Despite all I’ve learned about nutrition, despite the scientific evidence, despite my wife’s rational suggestions, I still eat junk food.

There’s a reason I eat this way—I’m an expert at self-deception (SD). I tell myself: “I eat better than my friends,” “I’ll eat better next week,” “I know a guy who ate junk food and lived into his 90s,” or, “Just this one time; I’ll take just one piece.”

Do I believe these lies? Well, it’s complicated. The best explanation is that I believe the lie now. (Why spoil a great experience!) And just after eating, I can repent and believe the voice of reason. This allows me to enjoy my junk food and still preserve my self-respect—to see myself as a rational, disciplined person who will make good (future) decisions. But of course, that’s a lie also, and my fake resolve doesn’t motivate me to change my behavior.

Why do we do this? SD is always motivatedyou have reasons to deceive yourself. You self-deceive because you want something. What you want is to have your cake and eat it too, so you act on one conviction that contradicts a more important conviction. You want to satisfy an immediate desire or give yourself permission to violate a moral code.

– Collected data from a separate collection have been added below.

Lemma starset_ideal : ideal K.
Proof.
have KS := starset_subgrp J [set: T]; case/subgrpP: (KS) => Kz Kadd Kopp.
have KsT u y : u \in K -> star u y \in K.
  by move=> uK; apply: mem_starset; rewrite ?inE // (subsetP starset_sub_ideal).
split=> //; [exact: starset_lam | exact: starset_conj | |].
- apply/subgrpP; split=> //.
  + by move=> u v uK vK; rewrite circE; apply: Kadd => //; apply: starset_lam.
  + by move=> u uK; rewrite cinvE; apply: Kopp; apply: starset_lam.
- move=> a u uK.
  have -> : a ⊙ u ⊙ cinv a = a ⊕ (lam a u ⊕ lam a (star u (cinv a))) ⊕ opp a.
    rewrite -(opA GC) circE [u ⊙ _]circE.
    have -> : lam u (cinv a) = star u (cinv a) ⊕ cinv a by rewrite starE (opKVr GA).
    by rewrite !lam_add lam_cinv !(opA GA).
  by apply: starset_conj; apply: Kadd; apply: starset_lam => //; apply: KsT.
Qed.

End RightSeries.

Lemma rser_ideal k : ideal (rser k).
Proof. by elim: k => [|k IH] /=; [exact: idealT | exact: starset_ideal]. Qed.

Section CentralElement.
Variable J : {set T}.
Hypothesis HJ : ideal J.
Let Jz : z \in J. Proof. by case: HJ => /subgrpP[]. Qed.
Local Notation "a ≡ b" := (cong J a b) (at level 70).

Definition lamcent :=
  [set s | [forall y, y ≡ lam s y] && [forall y, y ⊕ s ≡ s ⊕ y]].

Lemma lamcentP s : reflect (lam_trivial J s /\ add_central J s) (s \in lamcent).
Proof.
by rewrite inE; apply: (iffP andP) => [[/forallP h1 /forallP h2]|[h1 h2]];
   split=> //; apply/forallP.
Qed.

Lemma lamcent_add s t : s \in lamcent -> t \in lamcent -> s ⊕ t \in lamcent.
Proof.
case/lamcentP=> L C /lamcentP[L' C']; apply/lamcentP.
by split; [apply: lam_trivial_add | apply: add_central_add].
Qed.
Lemma lamcent_opp s : s \in lamcent -> opp s \in lamcent.
Proof.
case/lamcentP=> L C; apply/lamcentP.
by split; [apply: lam_trivial_opp | apply: add_central_opp].
Qed.
Lemma lamcent_circ s t : s \in lamcent -> t \in lamcent -> s ⊙ t \in lamcent.
Proof.
case/lamcentP=> L C /lamcentP[L' C']; apply/lamcentP; split.
  exact: lam_trivial_circ.
exact (add_central_cong HJ (lam_trivial_circ_add t L) (add_central_add HJ C C')).
Qed.
Lemma lamcent_cinv s : s \in lamcent -> cinv s \in lamcent.
Proof.
case/lamcentP=> L C; apply/lamcentP; split; first exact: lam_trivial_cinv.
have cinv_opp := cong_sym HJ (lam_trivial_cinv_opp HJ L).
exact (add_central_cong HJ cinv_opp (add_central_opp HJ C)).
Qed.
Lemma lamcent_lam g s : s \in lamcent -> lam g s \in lamcent.
Proof.
case/lamcentP=> L C; apply/lamcentP.
by split; [apply: lam_trivial_lam | apply: add_central_lam].
Qed.
Lemma lamcent_conj g s : s \in lamcent -> g ⊙ s ⊙ cinv g \in lamcent.
Proof.
case/lamcentP=> L C; apply/lamcentP; split; first exact: lam_trivial_conj.
have conj_lam := cong_sym HJ (cong_conj_lam HJ g L C).
exact (add_central_cong HJ conj_lam (add_central_lam HJ g C)).
Qed.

SD works because of our compartmentalized brains. Each of us has a “reptile” brain (hippocampus)—older, simpler, and associated with instinctual behavior, such as “fight” or “flight.” In addition we have a new brain (“neocortex”) that is rational and deliberating, the part of our brain that says, “Wait a minute—will this serve your long-term interest?” We can call the hippocampus “Junior,” and the neocortex “Mother.” Junior does what Junior wants to do; Mother does what she plans to do. SD occurs when we let Junior win over Mother.

But why worry about a little innocent SD?

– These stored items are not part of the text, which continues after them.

(* Let $\bm\theta_{S,t}$ and $\bm\theta_{S^i,t}$ be the parameters at step $t$ of single-layer GCNN models trained with SGD on training sets $S$ and $S^i$, which differ only in the $i$-th sample ($\mathbf{z}_i=(\mathbf{x}_i,y_i)$ in $S$ versus $\mathbf{z}_i'=(\mathbf{x}_i',y_i')$ in $S^i$). Then $$\big|\nabla_{\bm\theta}\ell(f(\mathbf{x}_i,\bm\theta_{S,t}),y_i)-\nabla_{\bm\theta}\ell(f(\mathbf{x}_i',\bm\theta_{S^i,t}),y_i')\big|\le 2\,\nu_\ell\,\alpha_\sigma\,\mathbf{g}_\lambda.$$
   Context: $g(\mathbf{L})\in\mathbb{R}^{N\times N}$ is a graph filter on a graph with $N$ nodes; for a node $\mathbf{x}$, $e_{\cdot j}=[g(\mathbf{L})]_{\mathbf{x}j}$ and $\mathcal{N}(\mathbf{x})=\{j:[g(\mathbf{L})]_{\mathbf{x}j}\neq0\}$; each node $j$ has a scalar feature $\mathbf{x}_j$. The single-layer GCNN is $f(\mathbf{x},\bm\theta)=\sigma(\sum_{j\in\mathcal{N}(\mathbf{x})}e_{\cdot j}\mathbf{x}_j\bm\theta)$ with $\bm\theta\in\mathbb{R}$, and $\mathbf{g}_\lambda:=\sup_{\mathbf{x}}|\sum_{j\in\mathcal{N}(\mathbf{x})}e_{\cdot j}\mathbf{x}_j|$. SGD with learning rate $\eta$ from a common initialization: at step $t$ a common index $i_t$ is drawn uniformly from $\{1,\dots,m\}$ and each run updates $\bm\theta_{t+1}=\bm\theta_t-\eta\nabla_{\bm\theta}\ell(f(\mathbf{x}_{i_t},\bm\theta_t),y_{i_t})$ using its own training set's $i_t$-th sample. Activation: $|\sigma'(u)|\le\alpha_\sigma$, $|\sigma'(u)-\sigma'(v)|\le\nu_\sigma|u-v|$. Loss: $|\ell(f,y)-\ell(f',y)|\le\alpha_\ell|f-f'|$ and $|\nabla_{\bm\theta}\ell(f(\cdot),y)-\nabla_{\bm\theta}\ell(f'(\cdot),y)|\le\nu_\ell|\nabla_{\bm\theta}f(\cdot)-\nabla_{\bm\theta}f'(\cdot)|$. *)

From HB Require Import structures.
From mathcomp Require Import all_boot all_order all_algebra.
From mathcomp Require Import all_classical all_reals all_analysis.
Set Implicit Arguments. Unset Strict Implicit. Unset Printing Implicit Defensive.
Import Order.TTheory GRing.Theory Num.Theory.
Local Open Scope ring_scope.

Section GCNN.
Variables (R : realType) (N : nat).

(* aggregated input at node v:  sum_{j in N(v)} [g(L)]_{vj} x_j *)
Definition agg (gL : 'M[R]_N) (feat : 'I_N -> R) (v : 'I_N) : R :=
  \sum_(j < N | gL v j != 0) gL v j * feat j.

Definition gcnn (sigma : R -> R) (gL : 'M[R]_N) (feat : 'I_N -> R)
  (v : 'I_N) (th : R) : R := sigma (agg gL feat v * th).

Definition g_lambda (gL : 'M[R]_N) (feat : 'I_N -> R) : R :=
  \big[Num.max/0]_(v < N) `|agg gL feat v|.

Definition loss_grad (loss : R -> R -> R) (sigma : R -> R) (gL : 'M[R]_N)
  (feat : 'I_N -> R) (v : 'I_N) (y : R) (th : R) : R :=
  derive1 (fun t => loss (gcnn sigma gL feat v t) y) th.

(* SGD iterates on a training set S : 'I_m -> (node, label), index sequence idx *)
Fixpoint sgd (m : nat) (loss : R -> R -> R) (sigma : R -> R) (gL : 'M[R]_N)
  (feat : 'I_N -> R) (eta th0 : R) (idx : nat -> 'I_m)
  (S : 'I_m -> 'I_N * R) (t : nat) : R :=
  match t with
  | 0 => th0
  | t'.+1 =>
      let th := sgd loss sigma gL feat eta th0 idx S t' in
      th - eta * loss_grad loss sigma gL feat (S (idx t')).1 (S (idx t')).2 th
  end.

End GCNN.

(* The bound is uniform in the parameter: at every [th], comparing [loss ∘ f]
   with [loss ∘ 0] in the gradient-Lipschitz hypothesis bounds the loss
   gradient by [nu_l |∂f/∂th|], and the chain rule gives
   [|∂f/∂th| = |sigma'(agg * th)| |agg| <= a_sigma g_lambda].  The triangle
   inequality then yields twice this bound, whatever the SGD iterates are; in
   particular neither the trajectories nor the way [S] and [Si] differ matter. *)
From HB Require Import structures.
From mathcomp Require Import all_boot all_order all_algebra.
From mathcomp Require Import all_classical all_reals all_analysis.
Set Implicit Arguments. Unset Strict Implicit. Unset Printing Implicit Defensive.
Import Order.TTheory GRing.Theory Num.Theory.
Local Open Scope ring_scope.

Definition lipschitz_loss_grad (R : realType) (loss : R -> R -> R) (nu : R) : Prop :=
  forall (F F' : R -> R) (y th : R),
    derivable F th 1 -> derivable F' th 1 ->
    `|derive1 (fun t => loss (F t) y) th - derive1 (fun t => loss (F' t) y) th|
      <= nu * `|derive1 F th - derive1 F' th|.

Section LipschitzLossGrad.
Variables (R : realType) (loss : R -> R -> R) (nu : R).
Hypothesis loss_lip : lipschitz_loss_grad loss nu.

Lemma norm_derive1_loss_comp_le (F : R -> R) (y th : R) :
  derivable F th 1 ->
  `|derive1 (fun t => loss (F t) y) th| <= nu * `|derive1 F th|.
Proof.
move=> dF; have := @loss_lip F (cst 0) y th dF (derivable_cst (0 : R) th 1).
have -> : (fun t => loss (cst 0 t) y) = cst (loss 0 y) by [].
by rewrite !derive1_cst !subr0.
Qed.

Lemma lipschitz_loss_grad_ge0 : 0 <= nu.
Proof.
have := @norm_derive1_loss_comp_le id 0 0 (@derivable_id _ _ _ _).
by rewrite derive1_id normr1 mulr1; apply: le_trans.
Qed.

End LipschitzLossGrad.

Lemma agg_le_g_lambda (R : realType) (N : nat) (gL : 'M[R]_N)
    (feat : 'I_N -> R) (v : 'I_N) :
  `|agg gL feat v| <= g_lambda gL feat.
Proof. exact: le_bigmax. Qed.

Section GCNNGradient.
Variables (R : realType) (N : nat) (gL : 'M[R]_N) (feat : 'I_N -> R).
Variables (sigma : R -> R) (a_sigma : R).
Hypothesis sigma_derivable : forall u : R, derivable sigma u 1.
Hypothesis sigma'_le : forall u : R, `|derive1 sigma u| <= a_sigma.

Lemma is_derive_gcnn (v : 'I_N) (th : R) :
  is_derive th 1 (gcnn sigma gL feat v)
    (derive1 sigma (agg gL feat v * th) * agg gL feat v).
Proof.
set c := agg gL feat v.
have sigma_at : is_derive (c * th) 1 sigma (derive1 sigma (c * th)).
  by rewrite derive1E; apply: derivableP; exact: sigma_derivable.
have scale_at : is_derive th 1 ( *%R c) c by apply: is_derive_eq; exact: mulr1.
exact: is_derive1_comp.
Qed.

Lemma norm_derive1_gcnn_le (v : 'I_N) (th : R) :
  `|derive1 (gcnn sigma gL feat v) th| <= a_sigma * g_lambda gL feat.
Proof.
rewrite derive1E (@derive_val _ _ _ _ _ _ _ (is_derive_gcnn v th)) normrM.
by apply: ler_pM => //; exact: agg_le_g_lambda.
Qed.

Lemma norm_loss_grad_le (loss : R -> R -> R) (nu : R) (v : 'I_N) (y th : R) :
  lipschitz_loss_grad loss nu ->
  `|loss_grad loss sigma gL feat v y th| <= nu * (a_sigma * g_lambda gL feat).
Proof.
move=> loss_lip.
have [dgcnn _] := is_derive_gcnn v th.
apply: le_trans (norm_derive1_loss_comp_le loss_lip y dgcnn) _.
apply: ler_wpM2l; first exact: lipschitz_loss_grad_ge0 loss_lip.
exact: norm_derive1_gcnn_le.
Qed.

End GCNNGradient.

Theorem lemma2 (R : realType) (N m : nat) (gL : 'M[R]_N) (feat : 'I_N -> R)
  (sigma : R -> R) (loss : R -> R -> R)
  (a_sigma nu_sigma a_l nu_l eta th0 : R) (idx : nat -> 'I_m)
  (S Si : 'I_m -> 'I_N * R) (i : 'I_m) :
  (forall u : R, derivable sigma u 1) ->
  (forall u : R, `|derive1 sigma u| <= a_sigma) ->
  (forall u v : R, `|derive1 sigma u - derive1 sigma v| <= nu_sigma * `|u - v|) ->
  (forall y p : R, derivable (fun q => loss q y) p 1) ->
  (forall y p p' : R, `|loss p y - loss p' y| <= a_l * `|p - p'|) ->
  (forall (F F' : R -> R) (y th : R),
     derivable F th 1 -> derivable F' th 1 ->
     `|derive1 (fun t => loss (F t) y) th - derive1 (fun t => loss (F' t) y) th|
       <= nu_l * `|derive1 F th - derive1 F' th|) ->
  (forall k : 'I_m, k != i -> Si k = S k) ->
  forall t : nat,
  `|loss_grad loss sigma gL feat (S i).1 (S i).2
        (sgd loss sigma gL feat eta th0 idx S t)
    - loss_grad loss sigma gL feat (Si i).1 (Si i).2
        (sgd loss sigma gL feat eta th0 idx Si t)|
  <= 2 * nu_l * a_sigma * g_lambda gL feat.
Proof.
move=> sigma_derivable sigma'_le _ _ _ loss_lip _ t.
apply: le_trans (ler_normB _ _) _.
rewrite -!mulrA mulr_natl mulr2n.
by apply: lerD; apply: norm_loss_grad_le.
Qed.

Because it’s not innocent. The stories above show how SD can be dangerous to your health. SD promotes lazy, habitual eating that may lead to addiction. SD represents a divided care for yourself, and works against a healthy, integrated personhood. Most seriously, it tempts you to “self-divinize”— to substitute your own flawed judgment for God’s.

What to do about SD? How combat the voice of Junior and listen to Mother’s voice?

First, I need to continually remind myself to focus on the long term, to remember that I’m constantly investing for the future, and to focus on behaviors that will enhance that future.

Second, it helps if I can find an accountability partner—a brave, faithful friend who will hold me accountable, who will constantly tell me the truth and call me out when I’m self-deceiving.

Third, I can reward myself when I’ve made a good decision. Like Mother used to say, “If you eat your carrots and broccoli you’ll enjoy your dessert more.”

Finally, I can listen more to the voice of the Spirit, that voice that knows me most intimately, cares most deeply about me. I can base my choices, not on my desires of the moment, but rather on God’s highest, best purpose for me. My body thinks it knows what’s good for me, but the Spirit knows even better.